Seowoon sabia bem que isso significava oferecer refeições aos pais falecidos a cada refeição. O Tio encorajou Seowoon dizendo que ele sairia melhor e deixou o quarto de hotel sem nenhuma hesitação. Era bem a cara dele manter sua compostura de sempre, mesmo depois de criar Cahaya.
Seowoon olhou para Cahaya com uma expressão séria. Cahaya estava de pé junto à porta, encostado nela e olhando para Seowoon de cima.
— Vice-líder de guilda?
A pergunta de Seowoon carregava um “Você?” não dito por trás.
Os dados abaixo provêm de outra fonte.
(* For every fixed $\varepsilon>0$ there is a data structure of size $O(n^{1+\varepsilon})$, built for a sequence $Y=y_1,\dots,y_n$ of $n$ distinct real numbers, that answers every query $(i,j,\sigma)$ (for all six types $\sigma$) in constant time, i.e., with a number of table lookups bounded by a constant depending only on $\varepsilon$.
   Context: Let $Y=y_1,\dots,y_n$ be a sequence of $n$ distinct real numbers, viewed as the points $(k,y_k)$, $k=1,\dots,n$. A query is a triple $(i,j,\sigma)$ with $i,j\in\{1,\dots,n\}$ and a type $\sigma=(a,\mathrm{dir})$, where $a\in\{1,2,3\}$ and $\mathrm{dir}\in\{\rightarrow,\leftarrow\}$. The horizontal lines $y=y_i$ and $y=y_j$ split the plane into three open strips $R_1$ (above both lines), $R_2$ (between them) and $R_3$ (below both), and $S_a=\{k\in\{1,\dots,n\} : (k,y_k)\in R_a\}$. For a right query ($\mathrm{dir}=\rightarrow$): if $S_a=\emptyset$ the answer is $\emptyset$; otherwise, if $S_a$ contains an index larger than $i$ the answer is the minimum index in $S_a$ larger than $i$, and if all indices of $S_a$ are smaller than $i$ the answer is the minimum index of $S_a$. A left query ($\mathrm{dir}=\leftarrow$) is symmetric: if $S_a=\emptyset$ the answer is $\emptyset$; otherwise the answer is the maximum index in $S_a$ smaller than $i$ if one exists, and else the maximum index of $S_a$. *)

From Stdlib Require Import Reals List Arith.
Import ListNotations.
Open Scope R_scope.

(* A sequence y_1..y_n is given as a function Y : nat -> R; only the values
   at indices 1..n matter. *)
Definition distinct_on (n : nat) (Y : nat -> R) : Prop :=
  forall k l : nat, (1 <= k <= n)%nat -> (1 <= l <= n)%nat -> k <> l -> Y k <> Y l.

Inductive region : Type := R1 | R2 | R3.   (* above both / between / below both *)
Inductive direction : Type := Right | Left.

Definition Rltb (a b : R) : bool := if Rlt_dec a b then true else false.

Definition in_region (Y : nat -> R) (i j : nat) (a : region) (k : nat) : bool :=
  match a with
  | R1 => Rltb (Rmax (Y i) (Y j)) (Y k)
  | R2 => Rltb (Rmin (Y i) (Y j)) (Y k) && Rltb (Y k) (Rmax (Y i) (Y j))
  | R3 => Rltb (Y k) (Rmin (Y i) (Y j))
  end.

Definition S_set (n : nat) (Y : nat -> R) (i j : nat) (a : region) : list nat :=
  filter (in_region Y i j a) (seq 1 n).

Definition head_opt (l : list nat) : option nat :=
  match l with [] => None | x :: _ => Some x end.
Definition last_opt (l : list nat) : option nat :=
  match l with [] => None | x :: l' => Some (last l' x) end.

(* The answer to the query (i, j, (a, dir)); None encodes the empty answer. *)
Definition answer (n : nat) (Y : nat -> R) (i j : nat) (a : region) (d : direction)
  : option nat :=
  let S := S_set n Y i j a in
  match d with
  | Right =>
      match head_opt (filter (fun k => Nat.ltb i k) S) with
      | Some k => Some k
      | None => head_opt S
      end
  | Left =>
      match last_opt (filter (fun k => Nat.ltb k i) S) with
      | Some k => Some k
      | None => last_opt S
      end
  end.

(* A query algorithm is an adaptive decision tree: at each node it reads one
   cell of the table (address) and branches arbitrarily on the value read. *)
Inductive ptree : Type :=
  | Leaf (ans : option nat)
  | Probe (addr : nat) (next : nat -> ptree).

(* Run the algorithm with at most [fuel] table lookups; None if it has not
   terminated within that many lookups.  Out-of-range cells read as 0. *)
Fixpoint run (fuel : nat) (table : list nat) (t : ptree) : option (option nat) :=
  match t with
  | Leaf a => Some a
  | Probe addr k =>
      match fuel with
      | O => None
      | S f => run f table (k (nth addr table 0%nat))
      end
  end.

From Pilot Require Import Defs.
From Stdlib Require Import Reals List Arith.
Open Scope R_scope.
From Stdlib Require Import Lia Lra ZArith.
Lemma wactB w u v : wact w (u - v) = wact w u - wact w v.
Proof. by rewrite wactD -scaleN1r wactZ scaleN1r. Qed.

Lemma wact_cons i w v : wact (i :: w) v = refl M i (wact w v).
Proof. by []. Qed.

Lemma wact_cat w1 w2 v : wact (w1 ++ w2) v = wact w1 (wact w2 v).
Proof. by rewrite /wact foldr_cat. Qed.

Lemma wact_rcons w i v : wact (rcons w i) v = wact w (refl M i v).
Proof. by rewrite -cats1 wact_cat. Qed.

Hypothesis Mdiag : forall i, M i i = 2.

Lemma refl_span2 s t p q :
  refl M s (p *: al s + q *: al t) = (- p - M s t * q) *: al s + q *: al t.
Proof.
rewrite reflE corootD !corootZ !coroot_alpha Mdiag.
by apply/rowP => k; rewrite !mxE; ring.
Qed.

Lemma refl_alpha i : refl M i (al i) = - al i.
Proof. by rewrite reflE coroot_alpha Mdiag; apply/rowP => k; rewrite !mxE; ring. Qed.

Lemma reflK i : involutive (refl M i).
Proof.
move=> v; rewrite [in LHS]reflE reflE corootB corootZ coroot_alpha Mdiag.
by apply/rowP => k; rewrite !mxE; ring.
Qed.

Lemma wact_altw_alpha s t k (x := M s t * M t s) :
  wact (altw s t k) (al s) =
  if odd k then cheb x k *: al s + (- M t s * cheb x k.+1) *: al t
  else cheb x k.+1 *: al s + (- M t s * cheb x k) *: al t.
Proof.
elim: k => [|k IH] /=; first by rewrite cheb1 cheb0 mulr0 scale0r addr0 scale1r.
rewrite IH cheb_rec; case: (odd k) => /=.
  by rewrite refl_span2; congr (_ *: _ + _ *: _); rewrite /x; ring.
by rewrite addrC refl_span2 addrC; congr (_ *: _ + _ *: _); rewrite /x; ring.
Qed.

Lemma wact_revK w : cancel (wact w) (wact (rev w)).
Proof. by elim: w => //= i w IH v; rewrite rev_cons wact_rcons reflK IH. Qed.

Lemma wact_inj w : injective (wact w).
Proof. exact: can_inj (wact_revK w). Qed.

Lemma wact_neq0 w v : v != 0 -> wact w v != 0.
Proof. by apply: contraNneq => /(congr1 (wact (rev w))); rewrite wact_revK wact0 => ->. Qed.

End WordAction.

Section ChebTrig.
Variable R : realType.
Implicit Types (T th x : R).

Definition chebU (T : R) j := cheb (T ^+ 2) j * (if odd j then 1 else T).

Lemma chebU0 T : chebU T 0 = 0. Proof. by rewrite /chebU cheb0 mul0r. Qed.
Lemma chebU1 T : chebU T 1 = 1. Proof. by rewrite /chebU cheb1 mulr1. Qed.

Lemma chebU_rec T j : chebU T j.+2 = T * chebU T j.+1 - chebU T j.
Proof. by rewrite /chebU cheb_rec /=; case: (odd j) => /=; ring. Qed.

Lemma chebU_sin th j : chebU (2 * cos th) j * sin th = sin (j%:R * th).
Proof.
suff : chebU (2 * cos th) j * sin th = sin (j%:R * th) /\
       chebU (2 * cos th) j.+1 * sin th = sin (j.+1%:R * th) by case.
elim: j => [|j [IH1 IH2]]; first by rewrite chebU0 chebU1 !mul0r !mul1r sin0.
split => //; rewrite chebU_rec mulrBl -(mulrA (2 * cos th)) IH2 IH1.
have -> : j.+2%:R * th = j.+1%:R * th + th by rewrite -addn1 natrD mulrDl mul1r.
have -> : j%:R * th = j.+1%:R * th - th by rewrite -addn1 natrD mulrDl mul1r addrK.
by rewrite sinB sinD; ring.
Qed.

Lemma cheb_cos_sin th j :
  cheb (4 * cos th ^+ 2) j * (if odd j then 1 else 2 * cos th) * sin th
  = sin (j%:R * th).
Proof. by rewrite -chebU_sin /chebU; congr (cheb _ _ * _ * _); ring. Qed.

Lemma chebU_ge1 T j : 2 <= T -> 1 <= chebU T j.+1.
Proof.
move=> T2; suff : chebU T j <= chebU T j.+1 /\ 1 <= chebU T j.+1 by case.
elim: j => [|j [IH1 IH2]]; first by rewrite chebU0 chebU1 ler01 lexx.
have : chebU T j.+1 * 2 <= chebU T j.+1 * T by rewrite ler_wpM2l // (le_trans ler01).
by rewrite chebU_rec; split; lra.
Qed.

Lemma cheb_gt0_ge4 (x : R) j : 4 <= x -> (0 < j)%N -> 0 < cheb x j.
Proof.
move=> x4; case: j => // j _.
have x0 : 0 <= x by apply: le_trans x4; rewrite ler0n.
have sx2 : 2 <= Num.sqrt x by have := sqr_sqrtr x0; have := sqrtr_ge0 x; rewrite expr2; nra.
have := chebU_ge1 j sx2; rewrite /chebU sqr_sqrtr //.
case: (odd j.+1) => [|U1]; first by rewrite mulr1; lra.
by rewrite -(pmulr_lgt0 _ (lt_le_trans _ sx2)) ?(lt_le_trans ltr01 U1).
Qed.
Cahaya assentiu em resposta. Estivesse Cahaya irritado ou não, Seowoon levou a mão à testa de incredulidade. Aquilo era simplesmente absurdo.
— Por ora, vamos manter isso em segredo dos outros.
— Por quê?
Cahaya perguntou num tom indiferente.
— Ei, se o vice-líder da guilda causar problemas, isso vai afetar a guilda Tacheon inteira.
Quando se trata de membros de guilda, desvios podem ser relevados, mas esse tipo de desculpa não funciona para os do alto escalão.
— Cha Seowoon.
Cahaya baixou a cabeça e sussurrou:
— Eu vou me sair bem, tá?
Seus olhos, encontrando os de Seowoon, cintilavam com uma luz brilhante.
— Então não guarda nenhum preconceito e continua observando. Você vai ver que eu não estou só fazendo cena — eu sou realmente uma pessoa muito boa, porra.
Foi como se ele tivesse recebido uma confissão direta. O rosto de Seowoon corou com uma mistura de emoções, como se um vulcão tivesse entrado em erupção.